Phillips, facing wipeout in the Money Store foreclosure, obtained an assignment of the unreleased National City Bank mortgages, and claimed that the $206,000 was now covered by the dragnet clauses under those mortgages. Phillips then filed her own foreclosure complaint, naming Money Store as a party defendant, arguing that she held a lien senior to Money Store by virtue of the dragnet clauses contained in the mortgages that she now held. (Note again the language: “any and all other notes of obligations of the Mortgagor to the Mortgagee.”) The trial court and the Court of Appeal held in favor of Phillips.
The best laid plans, however . . . . The Indiana Supreme Court sensibly held that the tradition of strict construction of dragnet clauses drove it to the conclusion that the parties couldn’t possibly have intended to create a collection device for any and all future creditors of the mortgagor. Rather, the parties intended to limit the scope of the clause to obligations Summers incurred in the future to National City Bank. The Phillips judgment was for a different claim that had no relationship to the National City loans, and it was not made in reliance on the security. Thus her judgment did not fall under the coverage of the dragnet clauses.
In another Indiana decision, Hepburn v. Tri-County Bank, 842 N.E. 2d 378 (Ind. App. 2006), the Court of Appeal ruled that a dragnet clause in a mortgage executed by a wife also covered a guaranty that she later executed for an obligation of her husband, thereby making her mortgaged property security for both of the loans. A dissenting opinion argued that her guaranty could have, but did not, fall under the dragnet clause because the guaranty specifically declared that it was unsecured. Also see: Iuka Guaranty Bank v. Beard, 658 So.2d 1367 (Miss. 1995) (dicta) (The DIRT DD for 10/27/95). (Dragnet clause securing all debts to bank, present or future, owed by husband and wife, or one of them, is valid as drafted, and secures loans known only to one of the parties.)
Comment 1: There is an obvious practice lesson here - get a discharge of loans that you believe that you are refinancing.
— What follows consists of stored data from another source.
Lemma ln_mul_ln_1m_at_right_0 : filterlim (fun t => ln t * ln (1 - t)) (at_right 0) (locally 0).
Proof.
  change (filterlim (fun t => ln t * ln (1 - t)) (at_right 0) (Rbar_locally 0)).
  apply (filterlim_le_le (fun _ => 0) _ (fun t => 4 * sqrt t)).
  - apply (at_right_of_forall _ _ (1 / 2)); [lra |]. intros t Ht. apply ln_mul_ln_1m_bounds. lra.
  - apply filterlim_const.
  - replace (Finite 0) with (Finite (4 * sqrt 0)) by (now rewrite sqrt_0, Rmult_0_r).
    apply filterlim_Rmult_l, (filterlim_at_right_continuous sqrt), continuous_sqrt.
Qed.

(** * The Rogers dilogarithm *)

Definition RogersL (x : R) : R := Li2 x + / 2 * (ln x * ln (1 - x)).

Lemma is_derive_eq (f : R -> R) (x l l' : R) : is_derive f x l -> l = l' -> is_derive f x l'.
Proof. now intros H <-. Qed.

Lemma is_derive_RogersL x : 0 < x < 1 ->
  is_derive RogersL x (- / 2 * (ln (1 - x) / x + ln x / (1 - x))).
Proof.
  intros Hx. unfold RogersL.
  apply (is_derive_eq _ _ (- ln (1 - x) / x + / 2 * (ln (1 - x) / x - ln x / (1 - x)))).
  - apply (is_derive_plus Li2); [now apply is_derive_Li2 |].
    auto_derive; [lra |]. rewrite <- (Rminus_def 1 x). field. lra.
  - field. lra.
Qed.

Lemma Derive_RogersL x : 0 < x < 1 -> Derive RogersL x = - / 2 * (ln (1 - x) / x + ln x / (1 - x)).
Proof. intros Hx. now apply is_derive_unique, is_derive_RogersL. Qed.

Lemma ex_derive_RogersL x : 0 < x < 1 -> ex_derive RogersL x.
Proof. intros Hx. eexists. now apply is_derive_RogersL. Qed.

Definition Abel_defect (y t : R) : R :=
  RogersL t + RogersL y - RogersL (t * y)
  - RogersL (t * (1 - y) / (1 - t * y)) - RogersL (y * (1 - t) / (1 - t * y)).

Lemma div_in_unit a b : 0 < a < b -> 0 < a / b < 1.
Proof.
  intros Hab. split; [apply Rdiv_lt_0_compat; lra |].
  apply Rlt_div_l; lra.
Qed.

Lemma is_derive_Abel_defect y t : 0 < y < 1 -> 0 < t < 1 -> is_derive (Abel_defect y) t 0.
Proof.
  intros Hy Ht.
  assert (Hty : 0 < t * y < 1) by nra.
  assert (Hu : 0 < t * (1 - y) / (1 - t * y) < 1) by (apply div_in_unit; nra).
  assert (Hv : 0 < y * (1 - t) / (1 - t * y) < 1) by (apply div_in_unit; nra).
  unfold Abel_defect. auto_derive; rewrite <- ?Rminus_def.
  { repeat split; try apply ex_derive_RogersL; auto; lra. }
  rewrite !Derive_RogersL by assumption.
  change (t * (1 - y) * / (1 - t * y)) with (t * (1 - y) / (1 - t * y)).
  change (y * (1 - t) * / (1 - t * y)) with (y * (1 - t) / (1 - t * y)).
  replace (1 - t * (1 - y) / (1 - t * y)) with ((1 - t) / (1 - t * y)) by (field; lra).
  replace (1 - y * (1 - t) / (1 - t * y)) with ((1 - y) / (1 - t * y)) by (field; lra).
  rewrite !ln_div, !ln_mult by nra.
  field. nra.
Qed.
(* For every positive integer $k$, the $2$-adic valuation of $s_k$ equals $\mathrm{wt}(k)-1$, where $\mathrm{wt}(k)$ is the number of $1$'s in the binary expansion of $k$. Consequently $\nu_2(s_{2k})=\mathrm{wt}(k)-1$ and $\nu_2(s_{k,k})\geq \mathrm{wt}(k)-2$.
   Context: $\nu_2:\mathbb{Q}^\times\to\mathbb{Z}$ is the $2$-adic valuation, $\nu_2(x/y)=\nu_2(x)-\nu_2(y)$. For a partition $I=(i_1,\dots,i_r)$ of $k$, $s_I$ denotes the coefficient of $p_{i_1}\cdots p_{i_r}$ in the $k$-th Hirzebruch $\mathcal{L}$-polynomial $\mathcal{L}_k(p_1,\dots,p_k)=\sum_{|I|=k}s_Ip_I$ (multiplicative sequence with characteristic power series $\sqrt t/\tanh\sqrt t$). In particular $s_k=\frac{2^{2k}(2^{2k-1}-1)|B_{2k}|}{(2k)!}$ with $B_j$ the Bernoulli numbers, and $s_{k,k}=\tfrac12(s_k^2-s_{2k})$. *)

From HB Require Import structures.
From mathcomp Require Import all_boot all_order all_algebra.
Set Implicit Arguments. Unset Strict Implicit. Unset Printing Implicit Defensive.
Import Order.TTheory GRing.Theory Num.Theory.
Local Open Scope ring_scope.

(* bern_seq n = [:: B_0; B_1; ...; B_n], Bernoulli numbers with B_1 = -1/2,
   via the recurrence  sum_{j=0}^{m} C(m+1, j) B_j = 0  (m >= 1). *)
Fixpoint bern_seq (n : nat) : seq rat :=
  match n with
  | 0%N => [:: 1]
  | m.+1 =>
      let s := bern_seq m in
      rcons s (- ((m.+2)%:R)^-1 *
               \sum_(j < m.+1) ('C(m.+2, j))%:R * nth 0 s j)
  end.

Definition bernoulli (n : nat) : rat := nth 0 (bern_seq n) n.

Definition sk (k : nat) : rat :=
  2 ^+ (2 * k) * (2 ^+ (2 * k).-1 - 1) * `|bernoulli (2 * k)|
    / ((2 * k)`!)%:R.

Definition skk (k : nat) : rat := (sk k ^+ 2 - sk (2 * k)) / 2.

(* 2-adic valuation of a rational (meaningful for q != 0) *)
Definition nu2 (q : rat) : int :=
  (logn 2 `|numq q|%N)%:Z - (logn 2 `|denq q|%N)%:Z.

Definition wt (k : nat) : nat := (\sum_(i < k.+1) odd (k %/ 2 ^ i))%N.

(* The 2-part of the von Staudt-Clausen theorem says that 2 B_n is odd (a
   2-adic unit) for even n >= 2; it follows by induction from the recurrence
   sum_j C(n+1, j) B_j = 0 reduced mod 2, once the odd Bernoulli numbers are
   known to vanish.  Hence nu2 B_{2k} = -1.  Legendre's formula gives
   nu2 (2k)! = 2k - wt k, and 2^{2k-1} - 1 is odd, so
   nu2 s_k = 2k - 1 - (2k - wt k) = wt k - 1.  Since wt (2k) = wt k, both s_k^2
   and s_{2k} are divisible by 2^{wt k - 1}, which bounds nu2 s_{k,k}. *)

From HB Require Import structures.
From mathcomp Require Import all_boot all_order all_algebra.
From mathcomp Require Import ring lra zify.
Import Order.TTheory GRing.Theory Num.Theory.

Lemma wt_sum_bits N k : k < 2 ^ N -> wt k = \sum_(i < N) odd (k %/ 2 ^ i).
Proof.
have bits_above M : k < 2 ^ M ->
    forall L, \sum_(i < M + L) odd (k %/ 2 ^ i) = \sum_(i < M) odd (k %/ 2 ^ i).
  move=> hkM; elim=> [|L IH]; first by rewrite addn0.
  rewrite addnS big_ord_recr /= IH divn_small ?addn0 //.
  by apply: leq_trans hkM _; rewrite leq_exp2l ?leq_addr.
move=> hkN; have hk : k < 2 ^ k.+1 by rewrite expnS; have := ltn_expl k (ltnSn 1); lia.
rewrite /wt -(bits_above _ hk N) addnC bits_above //.
Qed.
Comment 2: This case was a commercial loan case. Because many dragnet clauses bite small businessmen, as was the case here, particularly farmers, we find that the courts basically provide “consumer like” protection for borrowers who sign these things. But for a consumer protection case involving a consumer, see In re Wollin, 249 B.R. 555 (Bankr. D. Or. 2000) (The DIRT DD for 7/18/00) (lender may not use a dragnet clause in a personal property security agreement to add to its secured claim future advances made on a credit card; nor may it add unpaid balances on loans made prior to the secured transaction without a specific reference to the prior loans in the subsequent security agreement.) For another example of a narrow reading language dealing with these clauses, see: NAB Asset Venture III, L.P. v. Brokton Credit Union, 815 N.E. 2d 606 (Mass. App. 2004) (The DIRT DD for 3/21/05) ( First lienholder's agreement to subordinate its interest to a junior lienholder is not an agree
ment to subordinate to future advances subsequently made pursuant to a future advance clause in the junior lien.) (The editor criticized this decision.) Compare: VATACS Group, Inc. v. Homeside Lending, Inc., 623 S.E.2d 534 (Ga.App. 2005), (a clause subordinating an identified loan “and all other interests” of subordinating party successfully subordinates all mortgages of the subordinating party in existence at time of subordination.)
Comment 3: The Supreme Court stated the Indiana test of scope of dragnet clauses has three independent standards: (1) Is the later debt of the same general kind as the original mortgage debt? (2) Does the later debt bear a “close relationship” to the original mortgage debt? Or (3) Is there evidence that lender “specifically relied” on the security in making the subsequent loan?